### Task instructions
Find the word "hadd" in the listing below, then return every line it appears in.

━━ Stored data ━━

Lemma residual_coderiv : 0 <= ip residual_z residual_w.
Proof.
  apply (T_coderiv ub vb Tb).
  apply (regular_normal_of_quadratic X (gph T) (ub, vb) _ (2 + sg)); [lra|].
  intros [u v] HT; unfold gph in HT; simpl in HT.
  pose proof (b_min u v HT) as M; fold a b e in M.
  set (Du := hsub u ub); set (Dv := hsub v vb).
  replace (hsub (hadd X u v) x0) with (hadd X e (hadd X Du Dv)) in M by (unfold e, Du, Dv; hvec).
  replace (hsub u ca) with (hadd X a Du) in M by (unfold a, Du; hvec).
  replace (hsub v cb) with (hadd X b Dv) in M by (unfold b, Dv; hvec).
  rewrite (hinner_add_sq X e), (hinner_add_sq X a), (hinner_add_sq X b), hinner_addr in M.
  assert (Q : ip (hadd X Du Dv) (hadd X Du Dv) <= 2 * ip Du Du + 2 * ip Dv Dv).
  { pose proof (hinner_pos X (hsub Du Dv)).
    rewrite hinner_sub_sq in *; rewrite hinner_add_sq; lra. }
  unfold pinner, psub; simpl; fold Du Dv; unfold residual_z, residual_w.
  rewrite hinner_oppl; hinner_simpl.
  pose proof (hinner_pos X Du); pose proof (hinner_pos X Dv).
  assert (0 <= sg * ip Du Du) by (apply Rmult_le_pos; lra).
  assert (0 <= sg * ip Dv Dv) by (apply Rmult_le_pos; lra).
  lra.
Qed.

Lemma residual_small : hnorm a <= 1 -> hnorm b <= 1 -> hnorm e <= 3 * sg.
Proof.
  intros Ha Hb; pose proof residual_coderiv as HC.
  unfold residual_z, residual_w in HC.
  rewrite hinner_scall, hinner_scalr, !hinner_addl, !hinner_addr, !hinner_scall,
    !hinner_scalr in HC.
  rewrite <- (hnorm_sq X e) in HC.
  pose proof (hinner_ge_norm X e b); pose proof (hinner_ge_norm X a e);
    pose proof (hinner_ge_norm X a b).
  pose proof (hnorm_ge0 X e); pose proof (hnorm_ge0 X a); pose proof (hnorm_ge0 X b).
  assert (- ip e b <= hnorm e) by nra; assert (- ip a e <= hnorm e) by nra.
  assert (- ip a b <= 1) by nra.
  assert (hnorm e * hnorm e <= 2 * sg * hnorm e + sg * sg).
  { assert (sg * - ip e b <= sg * hnorm e) by (apply Rmult_le_compat_l; lra).
    assert (sg * - ip a e <= sg * hnorm e) by (apply Rmult_le_compat_l; lra).
    assert (sg * sg * - ip a b <= sg * sg * 1) by (apply Rmult_le_compat_l; nra).
    lra. }
  nra.
Qed.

━━━

### Result for this task
  replace (hsub (hadd X u v) x0) with (hadd X e (hadd X Du Dv)) in M by (unfold e, Du, Dv; hvec).
  replace (hsub u ca) with (hadd X a Du) in M by (unfold a, Du; hvec).
  replace (hsub v cb) with (hadd X b Dv) in M by (unfold b, Dv; hvec).
  assert (Q : ip (hadd X Du Dv) (hadd X Du Dv) <= 2 * ip Du Du + 2 * ip Dv Dv).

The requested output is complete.